3) Configure environment variables

Copy .env.example to .env and set real values:

cp .env.example .env

Update at least:

  • HF_TOKEN (required for gated models)

Optional overrides available in .env.example:

  • MODEL_NAME
  • TRAIN_FILE
  • VAL_FILE
  • OUTPUT_DIR
  • SAVE_DIR
  • SEED
  • MAX_SEQ_LENGTH

Preflight now auto-loads .env if present, but loading it in your shell is still useful for training commands (example):

set -a
source .env
set +a

4) Run preflight checks (recommended)

Run:

python check_env.py --model-name "${MODEL_NAME:-mistralai/Mistral-7B-Instruct-v0.2}"

This verifies:

  • .env loading and HF token presence (or warns)
  • CUDA availability
  • PATH contamination for obvious model-path mistakes
  • Installed package versions
  • Model repository accessibility on Hugging Face
  • Tokenizer dependencies (protobuf, sentencepiece)

If you want CI/automation to fail on warnings:

python check_env.py --strict --model-name "${MODEL_NAME:-mistralai/Mistral-7B-Instruct-v0.2}"

5) Prepare training/validation data

Expected file format is JSONL with fields:

  • instruction
  • context
  • response

Each line should be one valid JSON object. Example:

{"instruction":"Explain custody controls","context":"Public treasury modernization","response":"Use lawful, sovereign controls with independent audit trails."}

By default, training uses:

  • data/train.jsonl
  • data/val.jsonl

You can override via CLI flags or environment variables.
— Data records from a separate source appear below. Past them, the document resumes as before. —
Definition is_partition (pi : seq nat) : bool :=
  sorted geq pi && all (fun x => 0 < x)%N pi.

Definition distinct_parts (pi : seq nat) : bool := is_partition pi && uniq pi.

Definition conj_part (pi : seq nat) : seq nat :=
  mkseq (fun j => count (fun x => (j.+1 <= x)%N) pi) (head 0%N pi).

(* O(pi) = lambda_1 + lambda_3 + lambda_5 + ... (0-based even indices). *)
Definition Oodd (pi : seq nat) : nat :=
  (\sum_(i < size pi | ~~ odd i) nth 0%N pi i)%N.

Definition fps := nat -> int.
Definition fps1 : fps := fun n => (n == 0%N)%:Z.
Definition fmul (f g : fps) : fps :=
  fun n => \sum_(i < n.+1) f i * g (n - i)%N.

Definition binom_factor (s : int) (m : nat) : fps :=
  fun n => (n == 0%N)%:Z + s * (n == m)%:Z.

Definition fprod (f : nat -> fps) (M : nat) : fps :=
  foldr fmul fps1 (map f (iota 0 M)).

(* P is the infinite product prod_{k>=0} f k (coefficientwise stabilization,
   i.e. convergence in the q-adic topology). *)
Definition is_infprod (f : nat -> fps) (P : fps) : Prop :=
  forall n, exists N, forall M, (N <= M)%N -> fprod f M n = P n.

(* (q;q)_oo = prod_{k>=0} (1 - q^{k+1}) *)
Definition qq_factor (k : nat) : fps := binom_factor (-1) k.+1.
(* (-q;q)_oo = prod_{k>=0} (1 + q^{k+1}) *)
Definition mqq_factor (k : nat) : fps := binom_factor 1 k.+1.

From Pilot Require Import Defs.
From mathcomp Require Import all_boot all_order all_algebra.
From mathcomp Require Import zify.
From Stdlib Require Import FunctionalExtensionality.
Import Defs. (* re-import: finfun also defines [fprod] *)
Import GRing.Theory.
Set Implicit Arguments. Unset Strict Implicit. Unset Printing Implicit Defensive.

(* Pad a partition with zeros to length L.  A weakly decreasing sequence of
   length L+1 is uniquely t + (d, ..., d) with t of length L ending in 0, and
   adding these d columns of height L+1 raises O by d * ceil((L+1)/2).  Hence
   partitions with at most L parts are counted by O with the generating
   function prod_{k=1..L} 1/(1 - q^ceil(k/2)), which for L = 2M is
   1/(q;q)_M^2.  Dually, O(pi') = sum_{x in pi} ceil(x/2), so partitions into
   distinct parts at most 2M are counted by prod_{x=1..2M} (1 + q^ceil(x/2))
   = (-q;q)_M^2.  The coefficient of q^n only involves L, 2M >= 2n, where the
   finite products agree with the infinite ones. *)

Section PowerSeries.
Local Open Scope ring_scope.

Definition fps_trunc (N : nat) (f : fps) : {poly int} := \poly_(i < N) f i.

Lemma coef_fps_trunc N f n : (n < N)%N -> (fps_trunc N f)`_n = f n.
Proof. by move=> ltnN; rewrite coef_poly ltnN. Qed.

Lemma fmul_trunc N f g n : (n < N)%N -> fmul f g n = (fps_trunc N f * fps_trunc N g)`_n.
Proof.
move=> ltnN; rewrite coefM; apply: eq_bigr => -[i /= lei] _.
by rewrite !coef_fps_trunc // (leq_ltn_trans _ ltnN) ?leq_subr // -ltnS.
Qed.

Lemma fmul_eq_upto n f f' g g' :
  (forall k, (k <= n)%N -> f k = f' k) -> (forall k, (k <= n)%N -> g k = g' k) ->
  fmul f g n = fmul f' g' n.
Proof. by move=> eqf eqg; apply: eq_bigr => -[i lei] _; rewrite eqf ?eqg ?leq_subr. Qed.

Lemma fmulC f g : fmul f g = fmul g f.
Proof. by apply: functional_extensionality => n; rewrite !(@fmul_trunc n.+1) // mulrC. Qed.

Lemma fmulA f g h : fmul f (fmul g h) = fmul (fmul f g) h.
Proof.
apply: functional_extensionality => n.
rewrite (@fmul_trunc n.+1) // [RHS](@fmul_trunc n.+1) //.
have trunc_fmul u v k : (k < n.+1)%N ->
    (fps_trunc n.+1 (fmul u v))`_k = (fps_trunc n.+1 u * fps_trunc n.+1 v)`_k.
  by move=> ltk; rewrite coef_fps_trunc // (@fmul_trunc n.+1).
rewrite !coefM; under eq_bigr => i _ do rewrite trunc_fmul ?ltnS ?leq_subr //.
under [RHS]eq_bigr => i _ do rewrite trunc_fmul //.
by rewrite -!coefM mulrA.
Qed.

Lemma fps_trunc1 N : (0 < N)%N -> fps_trunc N fps1 = 1.
Proof.
move=> N_gt0; apply/polyP => i; rewrite coef_poly coef1 /fps1.
by case: i => [|i]; [rewrite N_gt0 | case: ifP].
Qed.

Lemma fmulr1 f : fmul f fps1 = f.
Proof.
apply: functional_extensionality => n.
by rewrite (@fmul_trunc n.+1) // fps_trunc1 // mulr1 coef_fps_trunc.
Qed.

Lemma fmul1r f : fmul fps1 f = f.
Proof. by rewrite fmulC fmulr1. Qed.

Lemma fps_trunc_binom_factor N s m : (0 < N)%N ->
  fps_trunc N (binom_factor s m) = 1 + (if (m < N)%N then s else 0)%:P * 'X^m.
Proof.
move=> N_gt0; apply/polyP => i.
rewrite coef_poly coefD coef1 coefCM coefXn /binom_factor.
rewrite -!natz; case: ltnP => [ltiN | leNi]; case: (eqVneq i m) => [eqim | neim].
- by rewrite eqim -eqim ltiN.
- by rewrite mulr0n !mulr0.
- by rewrite eqim ltnNge -eqim leNi mul0r gtn_eqF // (leq_trans N_gt0).
- by rewrite mulr0n mulr0 gtn_eqF // (leq_trans N_gt0).
Qed.

Lemma fmul_binom_factor f s m n :
  fmul f (binom_factor s m) n = f n + (if (m <= n)%N then s * f (n - m)%N else 0).
Proof.
rewrite (@fmul_trunc n.+1) // fps_trunc_binom_factor // mulrDr mulr1 coefD.
rewrite coef_fps_trunc // mulrCA coefCM coefMXn ltnS.
by case: leqP => lemn; rewrite ?mulr0 // coef_fps_trunc // ltnS leq_subr.
Qed.

Lemma fprodS f M : fprod f M.+1 = fmul (fprod f M) (f M).
Proof.
rewrite /fprod -addn1 iotaD map_cat foldr_cat /= fmulr1 add0n.
elim: (map f (iota 0 M)) => [|g l IHl] /=; first by rewrite fmul1r.
by rewrite IHl fmulA.
Qed.

Lemma fprodM f g M : fprod (fun k => fmul (f k) (g k)) M = fmul (fprod f M) (fprod g M).
Proof.
elim: M => [|M IHM]; first by rewrite fmulr1.
rewrite !fprodS IHM -!fmulA; congr (fmul _ _).
by rewrite !fmulA (fmulC (fprod g M)).
Qed.

Lemma fprod_fps1 M : fprod (fun=> fps1) M = fps1.
Proof. by elim: M => [|M IHM] //; rewrite fprodS IHM fmulr1. Qed.

Lemma fprod_double f M : fprod (fun k => f k./2) M.*2 = fmul (fprod f M) (fprod f M).
Proof.
elim: M => [|M IHM]; first by rewrite fmulr1.
rewrite doubleS !fprodS IHM /= uphalf_double half_double.
rewrite -!fmulA; congr (fmul _ _).
by rewrite fmulA [fmul (f M) _]fmulC -fmulA.
Qed.

Lemma fprod_stable f N M k : (N <= M)%N ->
  (forall j i, (N <= j)%N -> (i <= k)%N -> f j i = fps1 i) -> fprod f M k = fprod f N k.
Proof.
move=> leNM f_lt; elim: M leNM => [|M IHM]; first by rewrite leqn0 => /eqP ->.
rewrite leq_eqVlt => /predU1P [-> // | ltNM].
rewrite fprodS -IHM // -{2}(fmulr1 (fprod f M)).
by apply: fmul_eq_upto => // i lei; apply: f_lt.
Qed.

Lemma binom_factor_lt s m i : (i < m)%N -> binom_factor s m i = fps1 i.
Proof. by move=> ltim; rewrite /binom_factor (ltn_eqF ltim) mulr0 addr0. Qed.

Definition geom_series (w : nat) : fps := fun n => (w %| n)%:Z.

Lemma geom_series_lt w i : (i < w)%N -> geom_series w i = fps1 i.
Proof. by case: i => [|i] ltiw; rewrite /geom_series ?dvdn0 // gtnNdvd. Qed.

Lemma fmul_geom_series_binom w :
  (0 < w)%N -> fmul (geom_series w) (binom_factor (-1) w) = fps1.
Proof.
move=> w_gt0; apply: functional_extensionality => n.
rewrite fmul_binom_factor; case: leqP => [lewn | ltnw]; last by rewrite addr0 geom_series_lt.
rewrite /geom_series /fps1 (dvdn_subl lewn (dvdnn w)) mulN1r subrr gtn_eqF //.
exact: leq_trans lewn.
Qed.

Section InfiniteProduct.
Variable f : nat -> fps.
Hypothesis f_lt : forall j i, (i <= j)%N -> f j i = fps1 i.

Lemma fprod_stable_diag M k : (k <= M)%N -> fprod f M k = fprod f k k.
Proof. by move=> lekM; apply: fprod_stable => // j i lekj leik; rewrite f_lt ?(leq_trans leik). Qed.

Lemma is_infprod_fprod : is_infprod f (fun k => fprod f k k).
Proof. by move=> n; exists n => M; apply: fprod_stable_diag. Qed.

Lemma is_infprod_fmul_coef P n k : is_infprod f P -> (k <= n)%N ->
  fmul P P k = fmul (fprod f n) (fprod f n) k.
Proof.
move=> infP lekn; have P_coef j : (j <= k)%N -> P j = fprod f n j.
  move=> lejk; have [N fprodN] := infP j; have lejn := leq_trans lejk lekn.
  by rewrite -(fprodN (maxn N n)) ?leq_maxl // !fprod_stable_diag // (leq_trans lejn) ?leq_maxr.
by apply: fmul_eq_upto => j lejk; rewrite P_coef.
Qed.

End InfiniteProduct.
End PowerSeries.

Fixpoint sum_every_other (b : bool) (s : seq nat) : nat :=
  if s is x :: r then (if b then x else 0) + sum_every_other (~~ b) r else 0.

Lemma sum_every_other_big b s :
  \sum_(i < size s | odd i != b) nth 0 s i = sum_every_other b s.
Proof.
elim: s b => [|x s IHs] b; first by rewrite big_ord0.
rewrite big_mkcond big_ord_recl [RHS]/= -IHs [in RHS]big_mkcond; congr (_ + _); first by case: b.
by apply: eq_bigr => i _; rewrite /=; case: b; case: odd.
Qed.

Lemma Oodd_sum_every_other s : Oodd s = sum_every_other true s.
Proof. by rewrite -sum_every_other_big; apply: eq_bigl => i; case: odd. Qed.

Lemma sum_every_other_cat_nseq0 b s m :
  sum_every_other b (s ++ nseq m 0) = sum_every_other b s.
Proof.
elim: s b => [|x s IHs] b /=; last by rewrite IHs.
by elim: m b => [|m IHm] b //=; rewrite IHm; case: b.
Qed.

Lemma sum_every_other_map_addn b d s :
  sum_every_other b (map (addn d) s) =
  sum_every_other b s + d * (if b then uphalf (size s) else (size s)./2).
Proof.
elim: s b => [|x s IHs] b /=; first by case: b; rewrite muln0.
by rewrite IHs; case: b => /=; rewrite ?uphalf_half; lia.
Qed.

Lemma size_le_sum_every_other b s :
  all (fun x => 0 < x) s -> size s <= (sum_every_other b s).*2 + ~~ b.
Proof.
elim: s b => [|x s IHs] b //= /andP [x_gt0 /(IHs (~~ b))].
by case: b => /=; lia.
Qed.

Lemma geq_trans : transitive geq.
Proof. exact: rev_trans leq_trans. Qed.

Lemma uniq_flatten_map (I T : eqType) (F : I -> seq T) (s : seq I) :
  uniq s -> (forall i, uniq (F i)) ->
  (forall i j x, x \in F i -> x \in F j -> i = j) -> uniq (flatten (map F s)).
Proof.
move=> uniq_s uniq_F disjF; elim: s uniq_s => [|i s IHs] //= /andP [i_notin_s /IHs uniq_flat].
rewrite cat_uniq uniq_F uniq_flat andbT; apply/hasPn => x /flattenP [_ /mapP [j j_in_s ->]].
by move=> x_in_Fj; apply/negP => /disjF /(_ x_in_Fj) eq_ij; rewrite eq_ij j_in_s in i_notin_s.
Qed.

Definition add_columns (d : nat) (t : seq nat) : seq nat := map (addn d) (rcons t 0).

Lemma add_columns_inj d d' t t' : add_columns d t = add_columns d' t' -> d = d' /\ t = t'.
Proof.
move=> eq_add; have eq_size : size t = size t'.
  by move/(congr1 size): eq_add; rewrite !size_map !size_rcons => -[].
have eq_d : d = d'.
  by move/(congr1 (last 0)): eq_add; rewrite /add_columns !map_rcons !last_rcons !addn0.
split=> //; move: eq_add; rewrite /add_columns eq_d => /(inj_map (@addnI d')).
by move/(congr1 (take (size t))); rewrite -!cats1 !take_size_cat.
Qed.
6) Launch LoRA fine-tuning

Basic command:

python training/finetune_lora.py \
  --train-file "${TRAIN_FILE:-data/train.jsonl}" \
  --val-file "${VAL_FILE:-data/val.jsonl}" \
  --output-dir "${OUTPUT_DIR:-./govchain-model}" \
  --save-dir "${SAVE_DIR:-govchain-lora}" \
  --model-name "${MODEL_NAME:-mistralai/Mistral-7B-Instruct-v0.2}" \
  --seed "${SEED:-42}" \
  --max-seq-length "${MAX_SEQ_LENGTH:-1024}" \
  --hf-token "${HF_TOKEN}"

What happens during training:

  1. Train/validation JSONL files are loaded.
  2. Records are formatted into an instruction/context/response prompt template.
  3. The script tries the selected base model; if that fails, it attempts TinyLlama fallback.
    • Common typo protection: minstral/... and shorthand mistral-7b-instruct-v0.2 are automatically normalized to mistralai/Mistral-7B-Instruct-v0.2.
  4. LoRA adapters are attached (q_proj, v_proj; rank 16; alpha 32).
  5. SFT training runs and checkpoints are saved.
  6. Final adapter model is saved in --save-dir.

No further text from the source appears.